(Reuters) – U.S. new vehicle sales are expected to rise 7.3% in December, aided by deeper discounts from automakers and dealers, industry consultants J.D. Power and GlobalData said in a joint report on Thursday.
WHY IT’S IMPORTANT
he rise in December sales points to a resilient new-vehicle market, which faces pressure from high interest rates. However, the 7.3% increase is smaller than the 13% rise projected last December by the consultants..
KEY QUOTES
“While per-unit (vehicle) profits are declining, resilient consumer demand—assisted by increased inventory and leasing activity—has supported a solid year-end performance,” said Thomas King, president of the data and analytics division at J.D. Power.
BY THE NUMBERS
December total new-vehicle sales are projected to rise to 1,520,000 from last year, though the month has one lesser selling day compared to previous year.
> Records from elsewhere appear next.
Lemma boundaryD X s (c d : {set V} -> k) G :
  boundary X s (fun A => c A + d A) G = boundary X s c G + boundary X s d G.
Proof. by rewrite /boundary -big_split; apply: eq_bigr => A _; rewrite mulrDl. Qed.

Lemma boundaryB X s (c d : {set V} -> k) G :
  boundary X s (fun A => c A - d A) G = boundary X s c G - boundary X s d G.
Proof. by rewrite /boundary -sumrB; apply: eq_bigr => A _; rewrite mulrBl. Qed.

Lemma cycle_support X s c : ~ is_boundary X s c ->
  exists2 A, A \in faces X s & c A != 0.
Proof.
move=> NB; have [/exists_inP // | /exists_inPn c0] := boolP [exists A in faces X s, c A != 0].
case: NB; exists (fun _ => 0) => G GX.
by rewrite /boundary big1 => [|A _]; [apply/esym/eqP/negbNE/c0 | rewrite mul0r].
Qed.
End ChainComplex.


Section SetFacts.
Variable V : finType.

Lemma subset_card_succ (G H : {set V}) : H \subset G -> #|G| = #|H|.+1 ->
  exists2 u, u \notin H & G = u |: H.
Proof.
move=> HG cG; have /cards1P [u Eu] : #|G :\: H| == 1%N.
  by rewrite cardsDS // cG subSnn.
have : u \in G :\: H by rewrite Eu set11.
rewrite inE => /andP [uH _]; exists u => //.
by rewrite -[LHS](setID G H) (setIidPr HG) Eu setUC.
Qed.

Lemma subset_card_succ2 (G H : {set V}) : H \subset G -> #|G| = #|H|.+2 ->
  exists a b, [/\ a != b, a \notin H, b \notin H & G = a |: (b |: H)].
Proof.
move=> HG cG; have /cards2P [a [b [ab Eab]]] : #|G :\: H| == 2.
  by rewrite cardsDS // cG -addn2 addKn.
have : a \in G :\: H /\ b \in G :\: H by rewrite Eab !inE !eqxx orbT.
rewrite !inE => -[/andP [aH _] /andP [bH _]]; exists a, b; split => //.
by rewrite -[LHS](setID G H) (setIidPr HG) Eab setUC setUA.
Qed.
End SetFacts.

Section Signs.
Variables (k : fieldType) (V : finType).
Local Open Scope ring_scope.

Lemma bsign_sq (G : {set V}) x : bsign k G x * bsign k G x = 1.
Proof. by rewrite /bsign -expr2 sqrr_sign. Qed.

Lemma bsign_setU1 (H : {set V}) v u : v \notin H ->
  bsign k (v |: H) u = bsign k H u * (-1) ^+ (enum_rank v < enum_rank u)%N.
Proof.
move=> vH; rewrite /bsign -exprD; congr (_ ^+ _).
set S := [set w in H | (enum_rank w < enum_rank u)%N].
have vS : v \notin S by rewrite inE (negbTE vH).
case: (boolP (enum_rank v < enum_rank u)%N) => h.
  transitivity #|v |: S|; last by rewrite cardsU1 vS addnC.
  by apply: eq_card => w; rewrite !inE; case: eqP => // ->.
rewrite addn0; apply: eq_card => w.
by rewrite !inE; case: eqP => // ->; rewrite (negbTE h) (negbTE vH).
Qed.

(* Inserting a then b, or b then a, produces opposite signs; this is the
   cancellation behind the boundary squared being zero. *)
Lemma bsign_swap (H : {set V}) a b : a != b -> a \notin H -> b \notin H ->
  bsign k (a |: H) b * bsign k H a = - (bsign k (b |: H) a * bsign k H b).
Proof.
move=> ab aH bH; rewrite !bsign_setU1 //.
case: ltngtP => [||/val_inj/enum_rank_inj E] /=; last by rewrite E eqxx in ab.
all: by move=> _; rewrite expr1 expr0; ring.
Qed.

Lemma bcoef_setU1 (H : {set V}) u : u \notin H -> bcoef k (u |: H) H = bsign k H u.
Proof.
move=> uH; rewrite /bcoef properUr ?sub1set //.
suff -> : (u |: H) :\: H = [set u] by rewrite big_set1.
by rewrite setDUl setDv setU0; apply/setDidPl; rewrite disjoints1.
Qed.

Lemma bcoef_notsub (G H : {set V}) : ~~ (H \subset G) -> bcoef k G H = 0.
Proof. by move=> nHG; rewrite /bcoef; case: ifP => // /proper_sub HG; rewrite HG in nHG. Qed.
End Signs.

Section BoundarySquared.
Variables (k : fieldType) (V : finType).
Local Open Scope ring_scope.

(* Boundary of a cone: coning by a new vertex v anticommutes with the
   boundary, up to the signs of v. *)
Lemma bcoef_cone (G H : {set V}) v : v \notin G -> v \notin H -> #|G| = #|H|.+1 ->
  bsign k G v * bcoef k G H = - (bsign k H v * bcoef k (v |: G) (v |: H)).
Proof.
move=> vG vH cG; have [HG | nHG] := boolP (H \subset G).
  have [u uH EG] := subset_card_succ HG cG; subst G.
  have uv : u != v by apply: contraNneq vG => <-; rewrite setU11.
  have uvH : u \notin v |: H by rewrite !inE negb_or uv.
  by rewrite setUCA !bcoef_setU1 // bsign_swap // mulrC.
rewrite !bcoef_notsub ?mulr0 ?oppr0 //; apply: contra nHG => vHG.
by rewrite -(setU1K vG) subsetD1 vH andbT (subset_trans (subsetUr [set v] H)).
Qed.
(* Let $S$ be a square-free semigroup, $D$ a division ring, and let $(\alpha,\xi),(\beta,\zeta)\in Z^2(S,D^* )$ be 2-cocycles. If $[\beta,\zeta]=[\alpha^{\phi},\xi^{\phi}]$ in the thin 2-cohomology for some $\phi\in\mathrm{Aut}(S)$, then $D^{\beta}_{\zeta}S\cong D^{\alpha}_{\xi}S$ as rings. Consequently, for each $(\alpha,\xi)\in Z^2(S,D^* )$ there exists a normal $(\beta,\zeta)\in Z^2(S,D^* )$ with $D^{\beta}_{\zeta}S\cong D^{\alpha}_{\xi}S$.
   Context: $D$ is a division ring, $D^*$ its group of units, $\mathrm{Aut}(D)$ its group of ring automorphisms, and for $d\in D^*$, $\rho_d\in\mathrm{Aut}(D)$ is $\rho_d(x)=dxd^{-1}$. A square-free semigroup is a semigroup $S$ (product written $s\cdot t$) with zero $\theta$ together with a finite set $E\subseteq S$ of nonzero pairwise orthogonal idempotents such that $S=\bigcup_{e,f\in E}e\cdot S\cdot f$ and $|e\cdot S\cdot f\setminus\{\theta\}|\le 1$ for all $e,f\in E$. Write $S^*=S\setminus\{\theta\}$; each $s\in S^*$ satisfies $s=e\cdot s\cdot f$ for unique $e,f\in E$. $\mathrm{Aut}(S)$ is the group of semigroup automorphisms of $S$. Put $S^{<0>}=E$ and $S^{<n>}=\{(s_1,\dots,s_n)\in S^n: s_1\cdot s_2\cdots s_n\neq\theta\}$ for $n>0$; for a group $G$, $F^n(S,G)$ is the group (under pointwise multiplication) of functions $S^{<n>}\to G$. For $\alpha\in F^1(S,\mathrm{Aut}(D))$ and $\mu\in F^0(S,\mathrm{Aut}(D))$ write $\alpha_s=\alpha(s)$, $\mu_e=\mu(e)$. A 2-cocycle is a pair $(\alpha,\xi)\in F^1(S,\mathrm{Aut}(D))\times F^2(S,D^* )$ with $\alpha_s(\xi(t,u))\,\xi(s,t\cdot u)=\xi(s,t)\,\xi(s\cdot t,u)$ for all $(s,t,u)\in S^{<3>}$ and $\alpha_s\circ\alpha_t=\rho_{\xi(s,t)}\circ\alpha_{s\cdot t}$ for all $(s,t)\in S^{<2>}$; $Z^2(S,D^* )$ is the set of 2-cocycles. A 2-cocycle is normal if $\alpha_e=1_D$ and $\xi(e,e)=1$ for all $e\in E$. The group $F^0(S,\mathrm{Aut}(D))\ltimes F^1(S,D^* )$ acts on $Z^2(S,D^* )$ by $(\mu,\eta)*(\alpha,\xi)=(\beta,\zeta)$ where, for $s=e\cdot s\cdot f$, $t=f\cdot t\cdot g$ in $S^*$ with $s\cdot t\ne\theta$: $\mu_e\circ\beta_s\circ\mu_f^{-1}=\rho_{\eta(s)}\circ\alpha_s$ and $\mu_e(\zeta(s,t))=\eta(s)\,\alpha_s(\eta(t))\,\xi(s,t)\,\eta(s\cdot t)^{-1}$. The orbits form the thin 2-cohomology; $[\alpha,\xi]$ denotes the orbit of $(\alpha,\xi)$. For $\phi\in\mathrm{Aut}(S)$ define $(\alpha^{\phi},\xi^{\phi})$ by $\alpha^{\phi}_s=\alpha_{\phi(s)}$ and $\xi^{\phi}(s,t)=\xi(\phi(s),\phi(t))$. For $(\alpha,\xi)\in Z^2(S,D^* )$, $D^{\alpha}_{\xi}S$ is the ring which is the left $D$-vector space with basis $S^*$ and multiplication extended by distributivity from $(d_1s)(d_2t)=d_1\,\alpha_s(d_2)\,\xi(s,t)\,(s\cdot t)$ if $s\cdot t\neq\theta$ and $0$ otherwise ($d_1,d_2\in D$, $s,t\in S^*$); in particular $sd=\alpha_s(d)s$ and $st=\xi(s,t)\,s\cdot t$. *)

From mathcomp Require Import all_boot all_order all_algebra.
Set Implicit Arguments. Unset Strict Implicit. Unset Printing Implicit Defensive.
Import GRing.Theory.
Local Open Scope ring_scope.

Section Defs.
Variable D : unitRingType.
Variable S : finType.
Variable mul : S -> S -> S.
Variable th : S.
Variable E : {set S}.

Definition division_ring (R : unitRingType) : Prop :=
  forall x : R, x != 0 -> x \is a GRing.unit.

Definition square_free : Prop :=
  (forall s t u, mul s (mul t u) = mul (mul s t) u) /\
  (forall s, mul th s = th /\ mul s th = th) /\
  [/\ forall e, e \in E -> e != th /\ mul e e = e,
      forall e f, e \in E -> f \in E -> e != f -> mul e f = th,
      forall s, exists e f t, [/\ e \in E, f \in E & s = mul (mul e t) f]
    & forall e f, e \in E -> f \in E -> forall x y,
        x != th -> y != th ->
        (exists t, x = mul (mul e t) f) -> (exists t, y = mul (mul e t) f) ->
        x = y].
The seasonally adjusted annualized rate (SAAR) for total new-vehicle sales is expected to be 17.2 million units, up 1.1 million units.
EV SALES
Consumer interest in electric vehicles is waning. Only 25% of new car buyers are considering an EV for their next purchase, a 2% decrease from last year.
This decline is also impacting Tesla (NASDAQ:TSLA), which has seen its share of EV sales shrink in 2024.
WHAT’S NEXT
US auto sales are set to hit 16.18 million units in 2025, up 1.2% from this year, according to a separate report from S&P Global Mobility.
“Unfortunately, the new vehicle affordability issues that coalesced to constrain auto demand levels for much of 2024 will not be resolved quickly in 2025,” said Chris Hopson, manager of North American light vehicle sales forecasting for S&P Global Mobility.